The 14-residue long GCE-tag described here comprises the complete sequence of the HA tag. As such, the HA epitope can still be exploited for other applications, such as immunoblot, immunofluorescence, and immunoprecipitation (Figs. 2b and 5d). To expand the versatility of the tag, we tested whether the HA epitope can be replaced by FLAG (8 residues) or Myc (10 residues) epitopes (Fig. 8 and Additional file 1: Figure S6). GFP-SKL constructs carrying HA/FLAG/Myc GCE-tags were successfully expressed in cells, with SiR-Tet fluorescence co-localizing with GFP (Pearson’s correlation values: FLAG, 0.87; Myc, 0.67) (Fig. 8a, b upper panel, and Additional file 1: Figure S6a, b). Efficient labeling of exosomes was also obtained with the FLAG and Myc tag versions conjugated to Exo70, as indicated by live-cell imaging and in-gel TAMRA fluorescence (Fig. 8c upper panel and Additional file 1: Figure S6c, e). MT labeling, however, appeared to be compromised using FLAG/Myc GCE-tags, with very few cells exhibiting MT staining using the Myc GCE-tag (Fig. 8d upper panel and Additional file 1: Figure S6d). Reduced specific labeling was also observed using in-gel SiR fluorescence (Additional file 1: Figure S6f). However, while MT staining was more prominent using FLAG GCE-tag, higher labeling was observed for Myc GCE-tag using in-gel fluorescence. This data suggests that in some cases, the total level of labeled protein does not reflect its ability to label a specific cellular structure. Collectively, these results demonstrate that the system is versatile, in terms of the epitope used in the tag. But, while the HA version of the tag appears to be robust, labeling using the other epitope versions needs to be evaluated more carefully.
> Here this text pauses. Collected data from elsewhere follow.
(* Let $K$ be a field of characteristic zero, $R=K[X_1,\ldots,X_n]$, $R_{n-1}=K[X_1,\ldots,X_{n-1}]$. Let $P$ be a prime ideal of $R$ and $I$ an ideal of $R$ with $\sqrt I=P$. If $\partial_n(I)\subseteq I$ (where $\partial_n=\partial/\partial X_n$), then $P=(P\cap R_{n-1})R$. *)

From mathcomp Require Import all_boot all_algebra.
From mathcomp Require Import mpoly.
Set Implicit Arguments. Unset Strict Implicit. Unset Printing Implicit Defensive.
Import GRing.Theory.
Local Open Scope ring_scope.

Definition is_ideal (R : comRingType) (I : pred R) : Prop :=
  [/\ 0 \in I,
      (forall a b, a \in I -> b \in I -> a + b \in I) &
      (forall r a, a \in I -> r * a \in I)].

Definition is_prime_ideal (R : comRingType) (P : pred R) : Prop :=
  [/\ is_ideal P, 1 \notin P &
      forall a b, a * b \in P -> a \in P \/ b \in P].

Definition radical_eq (R : comRingType) (I P : pred R) : Prop :=
  forall f, (exists k : nat, f ^+ k \in I) <-> f \in P.

(* p lies in the subring K[X_j : j <> i], i.e. no monomial of p involves X_i. *)
Definition free_of_var (K : fieldType) (n : nat) (i : 'I_n)
  (p : {mpoly K[n]}) : Prop :=
  forall m, m \in msupp p -> m i = 0%N.

Definition in_generated_ideal (R : comRingType) (J : R -> Prop) (f : R) : Prop :=
  exists s : seq (R * R), (forall x, x \in s -> J x.2) /\
    f = \sum_(x <- s) x.1 * x.2.

From mathcomp Require Import all_boot all_algebra.
From mathcomp Require Import mpoly.
From mathcomp Require Import ring.
Set Implicit Arguments. Unset Strict Implicit. Unset Printing Implicit Defensive.
Import GRing.Theory.
Local Open Scope ring_scope.

(* In characteristic zero such a radical P is again
   [d/dX_i]-stable, because [f^k \in I] forces [f^(k-j) (f')^(2j) \in I] for
   all [j <= k].  A [d/dX_i]-stable ideal is generated by its elements free of
   [X_i]: if [f] has [X_i]-degree [d], then its [d]-th derivative [f^(d)] is free of [X_i] and lies in
   the ideal, and [f - X_i^d f^(d) / d!] has smaller [X_i]-degree. *)

Section Ideals.
Variable R : comNzRingType.
Implicit Types (I : pred R) (a b u v : R).

Lemma ideal_opp I a : is_ideal I -> a \in I -> - a \in I.
Proof. by case=> _ _ hM ha; rewrite -mulN1r; apply: hM. Qed.

Lemma ideal_sub I a b : is_ideal I -> a \in I -> b \in I -> a - b \in I.
Proof. by move=> hI ha hb; case: (hI) => _ hD _; apply: hD (ideal_opp hI hb). Qed.

Lemma ideal_unit_cancel I u v a : is_ideal I -> v * u = 1 -> u * a \in I -> a \in I.
Proof. by case=> _ _ hM vu hua; rewrite -[a]mul1r -vu -mulrA; apply: hM. Qed.

Lemma generated_ideal_sub I (J : R -> Prop) f :
  is_ideal I -> (forall q, J q -> q \in I) -> in_generated_ideal J f -> f \in I.
Proof.
move=> [h0 hD hM] hJ [s [hs ->]].
elim: s hs => [|x s ihs] hs; first by rewrite big_nil.
rewrite big_cons; apply: hD; first by apply/hM/hJ/hs; rewrite inE eqxx.
by apply: ihs => y hy; apply: hs; rewrite inE hy orbT.
Qed.

End Ideals.

Definition mdeg_var_lt (K : nzRingType) n (i : 'I_n) (d : nat) (f : {mpoly K[n]}) :=
  forall m : 'X_{1..n}, (d <= m i)%N -> f@_m = 0.

Section MDeriv.
Variables (K : comNzRingType) (n : nat) (i : 'I_n).
Implicit Types (f x : {mpoly K[n]}) (I : pred {mpoly K[n]}).

Lemma mderiv_exprS x k : (x ^+ k.+1)^`M(i) = k.+1%:R * x ^+ k * x^`M(i).
Proof.
elim: k => [|k ih]; first by rewrite expr1 expr0 mulr1 mul1r.
by rewrite exprS mderivM ih !exprS; ring.
Qed.

Lemma mderivM_expr_mderiv f a b (D := f^`M(i)) :
  D * (f ^+ a.+1 * D ^+ b)^`M(i) =
  a.+1%:R * (f ^+ a * D ^+ b.+2) + b%:R * D^`M(i) * (f ^+ a.+1 * D ^+ b).
Proof.
rewrite mderivM mderiv_exprS -/D.
case: b => [|b]; first by rewrite expr0 -mpolyC1 mderivC mpolyC1 !exprS; ring.
by rewrite mderiv_exprS !exprS; ring.
Qed.

Lemma mderivn_closed I :
  (forall f, f \in I -> f^`M(i) \in I) -> forall k f, f \in I -> f^`M(i, k) \in I.
Proof. by move=> hD k f hf; rewrite mderivn_iter; elim: k => //= k ih; apply: hD. Qed.

Lemma mcoeff_mderivn f k m : (f^`M(i, k))@_m = f@_(m + U_(i) *+ k) *+ (m i + k)^_k.
Proof.
rewrite mcoeff_mderivm addmC (bigD1 i) //= big1 ?muln1.
  by rewrite mnmDE mulmnE mnm1E eqxx mul1n.
by move=> j ne_ji; rewrite mulmnE mnm1E eq_sym (negbTE ne_ji) ffactn0.
Qed.

Lemma mdeg_var_lt_msize f : mdeg_var_lt i (msize f) f.
Proof.
move=> m hm; apply: memN_msupp_eq0; apply: msize_mdeg_ge.
by rewrite (leq_trans hm) // mdegE (bigD1 i) //= leq_addr.
Qed.

Lemma mdeg_var_lt0 f : mdeg_var_lt i 0 f -> f = 0.
Proof. by move=> hf; apply/mpolyP => m; rewrite mcoeff0 hf. Qed.

End MDeriv.

Section CharZero.
Variables (K : fieldType) (n : nat) (i : 'I_n).
Hypothesis charK0 : [pchar K] =i pred0.
Implicit Types (f : {mpoly K[n]}) (I P : pred {mpoly K[n]}).

Lemma mdeg_var_lt_mderivn f d :
  mdeg_var_lt i d.+1 f -> free_of_var i (f^`M(i, d)).
Proof.
move=> hf m; rewrite mcoeff_msupp mcoeff_mderivn; apply: contraNeq => hm.
rewrite hf ?mul0rn // mnmDE mulmnE mnm1E eqxx mul1n.
by rewrite -add1n leq_add2r lt0n.
Qed.

Lemma mpolyC_natSV_mul k : ((k.+1)%:R^-1)%:MP * k.+1%:R = 1 :> {mpoly K[n]}.
Proof.
by rewrite -mpolyC_nat -mpolyCM mulVf ?mpolyC1 //; move/pcharf0P: charK0 => ->.
Qed.

Lemma radical_mderiv_closed I P :
  is_ideal I -> radical_eq I P -> (forall f, f \in I -> f^`M(i) \in I) ->
  forall f, f \in P -> f^`M(i) \in P.
Proof.
move=> hI hrad hder f /hrad [k hk]; pose D := f^`M(i).
have hM r g : g \in I -> r * g \in I by case: hI => _ _; apply.
suff H j a : (a + j = k)%N -> f ^+ a * D ^+ (2 * j) \in I.
  by apply/hrad; exists (2 * k)%N; rewrite -[_ ^+ _]mul1r -(expr0 f) H ?add0n.
elim: j a => [|j ih] a; first by rewrite addn0 muln0 expr0 mulr1 => ->.
rewrite addnS -addSn => /ih hIa.
apply: (ideal_unit_cancel hI (mpolyC_natSV_mul a)).
have -> : a.+1%:R * (f ^+ a * D ^+ (2 * j.+1)) =
    D * (f ^+ a.+1 * D ^+ (2 * j))^`M(i) -
    (2 * j)%:R * D^`M(i) * (f ^+ a.+1 * D ^+ (2 * j)).
  by rewrite mderivM_expr_mderiv addrK mulnS.
by apply: ideal_sub hI _ _; apply: hM => //; apply: hder.
Qed.

Lemma mdeg_var_lt_taylor f d (c := (d`!%:R^-1 : K)) :
  mdeg_var_lt i d.+1 f ->
  mdeg_var_lt i d (f - c%:MP * 'X_[U_(i) *+ d] * f^`M(i, d)).
Proof.
move=> hf m hm; set M := (U_(i) *+ d)%MM.
have hMm : (M <= m)%MM.
  by apply/mnm_lepP => j; rewrite mulmnE mnm1E; case: eqP => [<-|]; rewrite ?mul1n.
have em : m = (M + (m - M))%MM by rewrite addmC submK.
rewrite mcoeffB mulrAC {2}em mcoeffMX mcoeffCM mcoeff_mderivn addmC -em.
have [m0i|m0i] := eqVneq ((m - M)%MM i) 0%N.
  rewrite m0i add0n ffactnn -mulr_natr mulrCA mulVf ?mulr1 ?subrr //.
  by move/pcharf0P: charK0 => ->; rewrite -lt0n fact_gt0.
rewrite hf ?mul0rn ?mulr0 ?subr0 // em mnmDE mulmnE mnm1E eqxx mul1n.
by rewrite -add1n addnC leq_add2l lt0n.
Qed.

Lemma mderiv_closed_generated P :
  is_ideal P -> (forall f, f \in P -> f^`M(i) \in P) ->
  forall d f, f \in P -> mdeg_var_lt i d f ->
  in_generated_ideal (fun q => q \in P /\ free_of_var i q) f.
Proof.
move=> hPi hD; elim=> [|d ih] f hfP hf.
  by exists [::]; rewrite big_nil (mdeg_var_lt0 hf).
pose h := f^`M(i, d); pose q : {mpoly K[n]} := (d`!%:R^-1)%:MP * 'X_[U_(i) *+ d].
have hhP : h \in P by apply: mderivn_closed.
have hgP : f - q * h \in P by apply: ideal_sub => //; case: hPi => _ _; apply.
have [s [hs es]] := ih _ hgP (mdeg_var_lt_taylor hf).
exists ((q, h) :: s); split; last by rewrite big_cons /= -es addrC subrK.
move=> x; rewrite inE => /orP [/eqP -> //|]; last exact: hs.
by split=> //; apply: mdeg_var_lt_mderivn.
Qed.

End CharZero.

Theorem corollary7p3 (K : fieldType) (n : nat)
  (charK0 : [pchar K] =i pred0)
  (P I : pred {mpoly K[n.+1]})
  (hP : is_prime_ideal P) (hI : is_ideal I) (hrad : radical_eq I P)
  (hder : forall f, f \in I -> mderiv ord_max f \in I) :
  forall f, f \in P <->
    in_generated_ideal
      (fun q : {mpoly K[n.+1]} => q \in P /\ free_of_var ord_max q) f.
Proof.
case: hP => hPi _ _.
have hD := radical_mderiv_closed charK0 hI hrad hder.
move=> f; split; last by apply: generated_ideal_sub => // q [].
move=> hf; exact: (mderiv_closed_generated charK0 hPi hD hf
                     (@mdeg_var_lt_msize _ _ ord_max f)).
Qed.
Last, we tested how removing the epitope sequence from the GCE-tag will affect labeling (Additional file 1: Figure S1i). In other words, is a sequence encoding GGSG linker followed by a TAG is sufficient for GCE-based bioorthogonal labeling of proteins? Almost no specific labeling was obtained upon tagging α-tubulin with a GCE-tag that lacks the HA sequence both by in-gel fluorescence and live-cell imaging (Fig. 8d bottom panel and Additional file 1: Figure S6f). For peroxisomes and exosomes, specific labeling was obtained, albeit at reduced levels (Fig. 8b, c bottom panels). In peroxisomes, the reduced labeling was consistent with the reduced expression of the protein observed by western blot (Fig. 8a, b bottom panel; Pearson’s correlations, 0.76). Reduced specific labeling was also observed for Exo70 using in-gel fluorescence (Additional file 1: Figure S6e), raising the possibility that the reduced labeling observed in cells is a result of failure to incorporate the ncAA during translation. Therefore, in specific cases in which the length of the tag is critical for preserving the function of the protein, the GCE-tag may be reduced to as few as five residues. Yet, this comes at the price of labeling efficiency and thus should be tested on a case-by-case basis.
In this work, we present a generic, small tag for labeling proteins in live mammalian cells with Fl-dyes through GCE and bioorthogonal chemistry, using a single expression vector. Efficient and specific labeling with Fl-dyes was observed for various intracellular structures and compartments, including MTs, PM, exosomes, lysosomes, MVBs, peroxisomes, and ER using appropriate tag-bearing markers, and for extracellular and cytosolic proteins that carry the tag. By adding 14 residues to the N-terminal of proteins, we minimized the need for prior knowledge on the protein and bypassed the screening step currently associated with the technique. Moreover, by inserting the TAG codon at the beginning of the coding sequence (rather than in the middle of the sequence), we avoided the expression of truncated proteins. As labeling efficiencies obtained using the GCE-tag were either comparable or superior to site-specific labeling, the GCE-tag presented here provide an attractive, easy-to-implement, alternative for bioorthogonal labeling of proteins modified to carry a ncAA.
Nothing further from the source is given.